Он отошёл к иконе Божией Матери, перекрестился и, склонив голову, начал молиться.
Катя сидела на скамейке и рассматривала прихожан. Оказалось, что в храм пришли не только сварливые старухи. Более того, сварливых старух-то как раз и не было. В церковь заходили и женщины, и мужчины – разного возраста и, судя по всему, разного достатка – тут это не имело значения. Люди приходили и оставляли за порогом всё, что их разделяет в жизни.
Бессуетность и покой, которые окружали Катю, подействовали на неё. Она сидела, прислонившись затылком к стене. Плакать больше не хотелось. Зато мысли текли ровно и зримо. Теперь, когда они не роились все скопом, можно было пусть не обдумать, но хотя бы осознанно подумать…
Катя сидела и вспоминала Барнаул, друзей, маму, папу, брата и удивлялась – какие это далёкие воспоминания. Словно прошло не два дня – в Неосибе Катя пробыла всего два дня! – и даже не полтора года, которые прошли в Барнауле, а целая вечность.
Катя усмехнулась и вздохнула.
Прошло полтора года. Это совершенно не укладывалось в голове. Казалось бы, Катя уже путешествовала во времени и была в далёком будущем. Но свой дом и своё время были для неё незыблемыми константами, и вот оказалось, что время вообще константой быть не может.
Послышалось пение. Негромкое, но заполняющее пространство внутри церкви и словно бы раздвигающее стены. Пели три девушки и два парня. Они стояли чуть в стороне и пели церковные песнопения.
Слов Катя не разобрала, но мелодия была такой умиротворяющей, такой примиряющей с собой, что Катя отбросила все мысли. Закрыла глаза и обратилась в слух.
Мелодия текла, а Катя шла за ней, как вдоль живительного ручья, и вокруг было светло и радостно. Не шальное веселье, нет! А именно умиротворённая радость души.
«Господи! – подумала Катя, поддавшись мелодии. – Помоги мне! Я совсем запуталась…»
Не ответил ей никто. Только на душе стало легче, словно кто-то взял часть ноши и переложил на свои плечи.
Широко распахнулась дверь, и в церковь влетел Иван. Он тяжело дышал, но, войдя, приостановился и стянул шапку с головы.
Катю он увидел сразу же, и тут же кинулся к ней. Сграбастал её и прижал к себе, повторяя снова и снова:
– Господи, Катюха!
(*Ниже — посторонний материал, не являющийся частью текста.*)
(* [lam n = mu n \o sg n], and retiming [f] by [sg n] is harmless. *)
Lemma cvg_along_retime : cvg_along lam v f.
Proof.
move=> T T0 e e0; have e20 : 0 < e / 2 by rewrite divr_gt0.
have f_sg := cadlag_retime hf sg_ge0 sg_lt sg_id sg_fix T e20.
have [N v_muN] := v_mu (ltr_wpDr ler01 T0) e20.
apply/eventuallyP; near=> n.
have sgn1 : forall s, 0 <= s -> `|sg n s - s| < 1 by near: n; exact: sg_id.
move=> s s0 sT; have sg1 : sg n s <= T + 1.
  by move: (sgn1 s s0); rewrite ltr_norml => /andP[_]; lra.
rewrite -mu_sg // -(subrK (f (sg n s)) (v n _)) -addrA (le_trans (ler_normD _ _)) //.
rewrite [e]splitr lerD ?v_muN ?sg_ge0 //; first by near: n; exists N.
by move: s s0 sT {sg1}; near: n.
Unshelve. all: by end_near.
Qed.

End CvgAlongRetime.

Lemma exists_nat_ge (R : realType) (T : R) : exists M : nat, T <= M%:R.
Proof.
exists (Num.Def.archi_bound (Num.max T 0)); apply: le_trans (ltW (archi_boundP _)).
  by rewrite le_max lexx.
by rewrite le_max lexx orbT.
Qed.

Section Envelope.
Variables (R : realType) (h : nat -> R -> R).
Hypotheses (h_le : forall n T T', T <= T' -> h n T <= h n T')
  (h_small : forall T e, 0 < e -> \forall n \near \oo, h n T <= e).

Definition envelope n := \big[Num.min/1]_(M < n.+1) Num.max (h n M%:R) M.+1%:R^-1.

Lemma envelope_gt0 n : 0 < envelope n.
Proof.
apply/bigmin_gtP; split => // M _.
by rewrite lt_max invr_gt0 ltr0n orbT.
Qed.

Lemma envelope_small e : 0 < e -> \forall n \near \oo, envelope n <= e.
Proof.
move=> e0; have [M eM] := exists_nat_ge e^-1.
have Me : M.+1%:R^-1 <= e.
  rewrite -[e]invrK lef_pV2 ?posrE ?invr_gt0 ?ltr0n // (le_trans eM) //.
  by rewrite ler_nat.
near=> n; have Mn : (M < n.+1)%N by rewrite ltnS; near: n; exact: nbhs_infty_ge.
apply: le_trans (bigmin_le _ (Ordinal Mn) _) _ => /=; rewrite ge_max Me andbT.
by near: n; exact: h_small.
Unshelve. all: by end_near.
Qed.

Lemma envelope_ge T : \forall n \near \oo, h n T <= envelope n.
Proof.
have [M TM] := exists_nat_ge T.
have M0 : 0 < M.+1%:R^-1 :> R by rewrite invr_gt0 ltr0n.
apply: filterS (h_small M%:R M0) => n hM; apply: le_trans (h_le n TM) _.
apply/bigmin_geP; split => [|N _]; first by rewrite (le_trans hM) // invf_le1 ?ler1n.
rewrite le_max; have [MN|NM] := leqP M N; first by rewrite h_le ?ler_nat.
apply/orP; right; apply: le_trans hM _.
by rewrite lef_pV2 ?posrE ?ltr0n // ler_nat ltnS ltnW.
Qed.

End Envelope.

Section Partition.
Variables (R : realType) (t : nat -> nat -> R) (k : nat -> nat).
Hypothesis hpi : partition_seq t k.

Lemma partition_seq0 n : t n 0%N = 0. Proof. by case: hpi. Qed.

Lemma partition_seq_lt n i : (i < k n)%N -> t n i < t n i.+1.
Proof. by case: hpi => _ [t_lt _]; exact: t_lt. Qed.

Lemma partition_seq_le n i j : (i <= j <= k n)%N -> t n i <= t n j.
Proof. exact/incr_seq_le/partition_seq_lt. Qed.

Lemma partition_seq_ge0 n i : (i <= k n)%N -> 0 <= t n i.
Proof. by move=> ik; rewrite -(partition_seq0 n) partition_seq_le. Qed.

Lemma partition_seq_end M : \forall n \near \oo, M < t n (k n).
Proof. by case: hpi => _ [_ [_ [end_oo _]]]; apply/eventuallyP. Qed.

Lemma partition_seq_mesh T e : 0 < T -> 0 < e -> \forall n \near \oo,
  forall i, (i < k n)%N -> t n i <= T -> t n i.+1 - t n i <= e.
Proof. by case: hpi => _ [_ [_ [_ mesh0]]] T0 e0; apply/eventuallyP; exact: mesh0. Qed.

Lemma partition_seq_cell n u : 0 < u -> u <= t n (k n) ->
  exists j, [/\ (j < k n)%N, t n j < u & u <= t n j.+1].
Proof.
move=> u0; suff cell K : (K <= k n)%N -> u <= t n K ->
    exists j, [/\ (j < K)%N, t n j < u & u <= t n j.+1] by exact: cell.
elim: K => [|K IH] Kk uK; first by move: uK; rewrite partition_seq0 leNgt u0.
have [uK'|Ku] := leP u (t n K); last by exists K.
by have [j [jK tj uj]] := IH (ltnW Kk) uK'; exists j; split => //; exact: ltnW.
Qed.

Lemma partition_seq_cell_uniq n u i j : (i < k n)%N -> (j < k n)%N ->
  t n i < u -> u <= t n i.+1 -> t n j < u -> u <= t n j.+1 -> i = j.
Proof.
move=> ik jk ti ui tj uj.
have before p q : (q < k n)%N -> (p < q)%N -> t n q < u -> u <= t n p.+1 -> False.
  move=> qk pq tq up; have := @partition_seq_le n p.+1 q; rewrite pq (ltnW qk) => /(_ isT).
  by move=> /(le_trans up) /(lt_le_trans tq); rewrite ltxx.
apply/eqP; rewrite eqn_leq; apply/andP; split; rewrite leqNgt; apply/negP => ?.
- exact: (before j i).
- exact: (before i j).
Qed.

Definition mesh_upto n T :=
  \big[Num.max/0]_(i < k n | t n i <= T) (t n i.+1 - t n i).

Lemma cell_le_mesh n T i : (i < k n)%N -> t n i <= T -> t n i.+1 - t n i <= mesh_upto n T.
Proof.
move=> ik tT; rewrite /mesh_upto.
exact: (le_bigmax_cond _ (fun j : 'I_(k n) => t n j.+1 - t n j) (j := Ordinal ik)).
Qed.

Lemma mesh_upto_le n T T' : T <= T' -> mesh_upto n T <= mesh_upto n T'.
Proof.
move=> TT'; apply/bigmax_leP; split=> [|i tT]; first exact: bigmax_ge_id.
exact: cell_le_mesh (le_trans tT TT').
Qed.

Lemma mesh_upto_small T e : 0 < e -> \forall n \near \oo, mesh_upto n T <= e.
Proof.
move=> e0; have T10 : 0 < Num.max T 0 + 1 by rewrite ltr_pwDr // le_max lexx orbT.
apply: filterS (partition_seq_mesh T10 e0) => n cell_e.
apply: le_trans (mesh_upto_le n (_ : T <= Num.max T 0 + 1)) _.
  by rewrite ler_wpDr // le_max lexx.
by apply/bigmax_leP; split=> [|i ti]; [exact: ltW | exact: cell_e].
Qed.

Lemma cell_le_envelope T : \forall n \near \oo,
  forall i, (i < k n)%N -> t n i <= T -> t n i.+1 - t n i <= envelope mesh_upto n.
Proof.
apply: filterS (envelope_ge mesh_upto_le mesh_upto_small T) => n mesh_env i ik tT.
exact: le_trans (cell_le_mesh ik tT) mesh_env.
Qed.

End Partition.

Section QuadraticVariation.
Variables (R : realType) (t : nat -> nat -> R) (k : nat -> nat).
Hypothesis hpi : partition_seq t k.
Variables (m : nat) (x : R -> 'cV[R]_m).
Hypothesis hx : cadlag x.

Definition incr n j : 'cV[R]_m := x (t n j.+1) - x (t n j).
Definition incr2 (a b : 'I_m) n j := incr n j a 0 * incr n j b 0.

Lemma qvar_entryE a b n s :
  qvar t k x n s a b = \sum_(i < k n | t n i <= s) incr2 a b n i.
Proof.
rewrite /qvar summxE; apply: eq_bigr => i _.
by rewrite mxE big_ord1 !mxE /incr2 /incr !mxE.
Qed.

Lemma incr2_le a b n j r : `|incr n j| <= r -> `|incr2 a b n j| <= r * r.
Proof.
move=> incr_r; rewrite normrM.
by apply: ler_pM => //; exact: le_trans (mx_entry_norm_le _ _ _) incr_r.
Qed.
Жива, сестрёнка! Жива! А я не поверил! Думал, сейчас приду и наваляю шутнику, чтоб так больше не шутил… А ты жива!
Катя прижалась к брату.
Подошёл батюшка и спросил:
– У вас всё в порядке?
– Да, конечно, – ответил Иван. – Она жива! Понимаете?! Спасибо вам большое!
И, вскочив, схватил руку батюшки и затряс её в рукопожатии. Потом, преисполненный чувствами, обнял батюшку и прижал к сердцу.
– Спасибо вам! Сестра нашлась, понимаете! Мы уж думали её и в живых нет…
– Господа благодарите, – улыбаясь, ответил батюшка. – На всё воля Его.
Иван к тому времени отпустил батюшку, снова обнял сестру и крепко прижал её к себе, словно боялся, что она опять исчезнет.
– Пойдём домой скорее, а то мама после звонка… Наверное, давление уже зашкаливает.
Катя повернулась к батюшке и сказала:
– Спасибо!
– Господа благодарите, – повторил батюшка и, перекрестив Ивана и Катю, добавил: – Спаси, Господи, и сохрани детей твоих…
Всю дорогу Иван крепко держал Катю за руку. Он не просто радовался, он был счастлив. И только повторял снова и снова:
– Сестрёнка! Нашлась! Подожди, ничего не рассказывай! Дома расскажешь всем!
Потом вдруг остановился, схватил Катю за плечи, развернул к себе и с тревогой заглянул в глаза.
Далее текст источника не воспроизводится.